(Data records Opens)

(* (i) Let $\theta\in[0,2\pi]$. If $\lambda_\infty>\|V\|_\infty$, then for no $s\in(0,L]$ is $\lambda_\infty$ an eigenvalue of $H_{\theta,s}$; in particular $\Gamma_2$ has no crossings with $\operatorname{Train}(X\times X)$ and $B_2=0$ (for any $s_0\in(0,L)$). (ii) Let $\theta\in(0,2\pi)$. If $\lambda_\infty>\|V\|_\infty$ and $0<s_0<\frac12\min\{\theta,2\pi-\theta\}\,(\|V\|_\infty+\lambda_\infty)^{-1/2}$, then no $\lambda\in[0,\lambda_\infty]$ is an eigenvalue of $H_{\theta,s_0}$; in particular $\Gamma_1$ has no crossings and $B_1=0$.
   Context: $n\ge1$, $L>0$; $V:\mathbb{R}\to\mathbb{R}^{n\times n}$ symmetric, with real piecewise continuous $2L$-periodic entries; $\|V\|_\infty=\sup_{x\in[-L,L]}\|V(x)\|$. For $\theta\in[0,2\pi]$, $s\in(0,L]$, $H_{\theta,s}$ is $y\mapsto y''+V(x)y$ in $L^2([-s,s];\mathbb{C}^n)$ with domain $\{y: y,y'\in AC,\ y''\in L^2,\ y(s)=e^{i\theta}y(-s),\ y'(s)=e^{i\theta}y'(-s)\}$. Notation: $\otimes$ Kronecker product, $\oplus$ block-diagonal sum, $J=\begin{pmatrix}0&1\\-1&0\end{pmatrix}$. $A(x,\lambda)=\begin{pmatrix}0_{2n}&I_{2n}\\ \lambda I_{2n}-V(x)\otimes I_2&0_{2n}\end{pmatrix}$, $\mathfrak{u}(s,\theta)=\begin{pmatrix}0&-\theta/(2s)\\ \theta/(2s)&0\end{pmatrix}$, $B(s,\theta)=I_{2n}\otimes\mathfrak{u}(s,\theta)$. $Y_{s,\lambda}$: absolutely continuous solutions on $[-L,L]$ of $\mathbf{p}'=A(x,\lambda)\mathbf{p}$, $\mathbf{w}'=B(s,\theta)\mathbf{w}$ ($\mathbf{p},\mathbf{w}\in\mathbb{R}^{4n}$), no boundary conditions. $\Phi_s^\lambda(\mathbf{p},\mathbf{w})=(\mathbf{p}(-s),\mathbf{w}(-s),\mathbf{p}(s),\mathbf{w}(s))^\top$. $\omega(v_1,v_2)=\langle v_1,\Omega v_2\rangle$, $\Omega=(J\otimes I_{2n})\oplus(J^\top\otimes I_{2n})\oplus(J^\top\otimes I_{2n})\oplus(J\otimes I_{2n})$. $X=\{(p,q,w,z)\in\mathbb{R}^{8n}: p=w, q=z\}$. A crossing of a path $t\mapsto\Phi(t)$ of Lagrangian planes is a parameter value $t_0$ with $\Phi(t_0)\cap(X\times X)\neq\{0\}$; the crossing form $Q$ on $\Phi(t_0)\cap(X\times X)$ is $Q(v,v)=\frac{d}{dt}\omega(v,\phi(t)v)|_{t_0}$ where $\Phi(t)$ is the graph of $\phi(t):\Phi(t_0)\to W$, $W$ a fixed complement. Curves for $s_0\in(0,L)$, $\lambda_\infty>0$: $\Gamma_1:\lambda\mapsto\Phi_{s_0}^\lambda(Y_{s_0,\lambda})$, $\lambda\in[0,\lambda_\infty]$; $\Gamma_2:s\mapsto\Phi_s^{\lambda_\infty}(Y_{s,\lambda_\infty})$, $s\in[s_0,L]$. For a path $\Gamma_i$ on $[a_i,b_i]$, $B_i=|\tfrac12\operatorname{sign}Q(a_i)|+\sum_{a_i<t<b_i}|\operatorname{sign}Q(t)|+|\tfrac12\operatorname{sign}Q(b_i)|$ (number of crossings counted with multiplicity, regardless of sign). *)

From Stdlib Require Import Reals Lra Lia List.
Open Scope R_scope.
Lemma negroot_support (i : 'I_p) (X : M) a b : rootsp (fun t => - alpha i t) X ->
  X a b != 0 -> (mid a && (b == topix i)) || ((a == botix i) && mid b).
Proof.
(* The constant weight [1] locates the blocks of [a] and [b], the indicator of [i] the rest. *)
move=> hX Xab; have := rootsp_entry hX (fun=> 1) Xab.
have := rootsp_entry hX (fun n => if n == i then 1 else 0) Xab.
rewrite /alpha /wt /mid -!val_eqE /= eqxx; have := ltn_ord i.
case: (ltnP a p) => ?; [|case: (leqP q a) => ?].
all: case: (ltnP b p) => ?; [|case: (leqP q b) => ?]; rewrite /= => ? Ei E1.
all: try by exfalso; lra.
all: by move: Ei; case: eqP => ? Ei; rewrite ?andbT ?orbF; try (apply/eqP; lia); exfalso; lra.
Qed.

Lemma pairroot_support (i j : 'I_p) (X : M) a b :
  rootsp (fun t => - alpha i t - alpha j t) X -> X a b != 0 ->
  ((a == botix i) && (b == topix j)) || ((a == botix j) && (b == topix i)).
Proof.
move=> hX Xab; have := rootsp_entry hX (fun=> 1) Xab.
have := rootsp_entry hX (fun n => if n == i then 1 else 0) Xab.
have := rootsp_entry hX (fun n => if n == j then 1 else 0) Xab.
rewrite /alpha /wt -!val_eqE /= !eqxx; have := ltn_ord i; have := ltn_ord j.
case: (ltnP a p) => ?; [|case: (leqP q a) => ?].
all: case: (ltnP b p) => ?; [|case: (leqP q b) => ?]; rewrite /= => ? ? Ej Ei E1.
all: try by exfalso; lra.
have [xi|xi] := eqVneq (a - q)%N i; have [bj|bj] := eqVneq (nat_of_ord b) j.
- by apply/orP; left; apply/andP; split; apply/eqP; lia.
- by move: Ej; rewrite xi (negbTE bj); lra.
- by move: Ei; rewrite bj (negbTE xi); lra.
move: Ei Ej; rewrite (negbTE xi) (negbTE bj) [(j == i :> nat)]eq_sym.
have [ij|ij] := eqVneq (nat_of_ord i) j; first by case: eqP; lra.
case: eqP => [bi|]; last by lra.
case: eqP => [xj|]; last by lra.
by move=> _ _; apply/orP; right; apply/andP; split; apply/eqP; lia.
Qed.

Lemma negroot_conj (i : 'I_p) (X : M) b : rootsp (fun t => - alpha i t) X -> mid b ->
  X (botix i) b = (X b (topix i))^*.
Proof.
move=> [hX _] mb; move: (in_h_Jskew hX (topix i) b).
rewrite /Jskew_at Jperm_top (Jperm_mid mb) Jsign_top (Jsign_mid mb) mul1r mulrN1 addrC.
by move/eqP; rewrite subr_eq0 => /eqP.
Qed.

Definition negroot_mx (i : 'I_p) (u : 'I_N -> C) : M := \matrix_(a, b)
  if mid a && (b == topix i) then u a else if (a == botix i) && mid b then (u b)^* else 0.

Lemma rootsp_negroot_mx (i : 'I_p) u : rootsp (fun t => - alpha i t) (negroot_mx i u).
Proof.
pose S (a b : 'I_N) := mid a && (b == topix i) || (a == botix i) && mid b.
have suppS a b : negroot_mx i u a b != 0 -> S a b.
  by rewrite mxE /S /=; case: ifP => //; case: ifP => //; rewrite eqxx.
apply: rootsp_of_entry => [|t a b /suppS /orP[] /andP[]].
- apply: (in_h_of_support suppS) => [a b /orP[] /andP[]|a].
  + move=> ma /eqP ->; rewrite /Jskew_at JpermK (Jperm_mid ma) Jperm_top Jsign_top (Jsign_mid ma).
    by rewrite !mxE !ix_simpl ma (eq_mid_bot _ ma) /= conjCK; ring.
  + move=> /eqP -> mb; rewrite /Jskew_at Jperm_bot Jperm_top (Jperm_mid mb).
    rewrite Jsign_top (Jsign_mid mb).
    by rewrite !mxE !ix_simpl mb (eq_mid_top _ mb) /=; ring.
  + rewrite mxE; case: ifP => [/andP[ma /eqP ea]|_]; first by rewrite ea mid_top in ma.
    by case: ifP => // /andP[/eqP ea]; rewrite ea mid_bot.
- by move=> ma /eqP ->; rewrite (wt_mid _ ma) wt_top /alpha sub0r.
- by move=> /eqP -> mb; rewrite (wt_mid _ mb) wt_bot /alpha subr0.
Qed.

Lemma pairroot_conj (i j : 'I_p) (X : M) : rootsp (fun t => - alpha i t - alpha j t) X ->
  X (botix j) (topix i) = - (X (botix i) (topix j))^*.
Proof.
move=> [hX _]; move: (in_h_Jskew hX (topix j) (topix i)).
rewrite /Jskew_at !Jperm_top !Jsign_top mulr1 mul1r addrC => /eqP.
by rewrite addr_eq0 => /eqP.
Qed.

Lemma pairroot_col (i j : 'I_p) (X : M) a : rootsp (fun t => - alpha i t - alpha j t) X ->
  X a (topix j) = if a == botix i then X (botix i) (topix j) else 0.
Proof.
move=> hX; have [-> //|ai] := eqVneq a (botix i).
apply/eqP; apply: contraT => /(pairroot_support hX); rewrite eqxx andbT (negbTE ai) /= eq_top.
by case/andP=> /eqP ea /eqP ji; rewrite ea ji eqxx in ai.
Qed.
(* Registers: r0 = 0 and r1 = 1 are constants, r2 is the position i in A,
   r3 the position j in B, r4 the length g of the greedy match of A in the
   output, r5 = |A|, r7 the position in B while copying, r6 and r9 are
   scratch; memory cell l holds 1 iff A[l] is marked.  The loop heads are
   pc 3 (backward scan), 15 (output of B[..j0)) and 24 (pass over A). *)
Definition prog : seq instr := [::
  IConst 1 1; ILen 2 SrcA; ILen 3 SrcB;
  IJeq 2 0 12; IJeq 3 0 12; ISub 2 2 1; ISub 9 3 1; IJchr SrcA 2 SrcB 9 9;
  IJeq 0 0 3; IStore 2 1; ISub 3 3 1; IJeq 0 0 3;
  ILen 5 SrcA; IConst 4 0; IConst 7 0;
  IJeq 7 3 23; IOut SrcB 7; IJeq 4 5 21; IJchr SrcA 4 SrcB 7 20; IJeq 0 0 21;
  IAdd 4 4 1; IAdd 7 7 1; IJeq 0 0 15;
  IConst 2 0;
  IJeq 2 5 35; ILoad 6 2; IJeq 6 1 28; IJlt 2 4 33;
  IOut SrcA 2; IJeq 4 5 33; IJchr SrcA 4 SrcA 2 32; IJeq 0 0 33;
  IAdd 4 4 1; IAdd 2 2 1; IJeq 0 0 24;
  IHalt].

Definition marks (m : nat -> nat) (a b : nat) := \sum_(a <= l < b) (m l == 1).

Lemma marks_nil m a : marks m a a = 0.
Proof. by rewrite /marks big_geq. Qed.

Lemma marks_cat m a b c : a <= b -> b <= c -> marks m a c = marks m a b + marks m b c.
Proof. by move=> le_ab le_bc; rewrite /marks (big_cat_nat le_ab le_bc). Qed.

Lemma marks_rcons m a b : a <= b -> marks m a b.+1 = marks m a b + (m b == 1).
Proof. by move=> le_ab; rewrite /marks big_nat_recr. Qed.

Lemma marks_cons m a b : a < b -> marks m a b = (m a == 1) + marks m a.+1 b.
Proof. by move=> lt_ab; rewrite /marks big_ltn. Qed.

Lemma marks_eq0 m a b : (forall l, a <= l < b -> m l = 0) -> marks m a b = 0.
Proof. by move=> m0; rewrite /marks big1_seq // => l /[!mem_index_iota] /m0 ->. Qed.

Lemma marks_upd m i k : i < k -> marks (upd m i 1) i k = (marks m i.+1 k).+1.
Proof.
move=> lt_ik; rewrite marks_cons // /upd eqxx add1n; congr _.+1; rewrite /marks.
by apply: eq_big_nat => l /andP[lt_il _]; rewrite (gtn_eqF lt_il).
Qed.

Section Program.
Variables (T : eqType) (A B : seq T).

(* After the backward scan has consumed [A[i..]] and [B[j..]], the cells [l]
   with [m l = 1] mark the rightmost embedding of [B[j..]] into [A[i..]]:
   marked letters spell [B[j..]], and an unmarked letter differs from the
   letter of [B] that would have to be matched just before it. *)
Definition scanned i j m :=
  [/\ i <= size A, forall l, l < i -> m l = 0,
      j + marks m i (size A) = size B,
      forall k, i <= k < size A -> m k = 1 -> onth A k = onth B (j + marks m i k) &
      forall k, i <= k < size A -> m k != 1 -> 0 < j + marks m i k ->
        onth A k != onth B (j + marks m i k).-1].

Lemma scanned_init : scanned (size A) (size B) (fun=> 0).
Proof. by split=> // [|k]; [rewrite marks_nil addn0 | rewrite ltnNge andbN]. Qed.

(Data records Closes)

* Task details
Using the material above, tally the lines that hold the string "onth". Reply with the number alone.

* Exercise result
2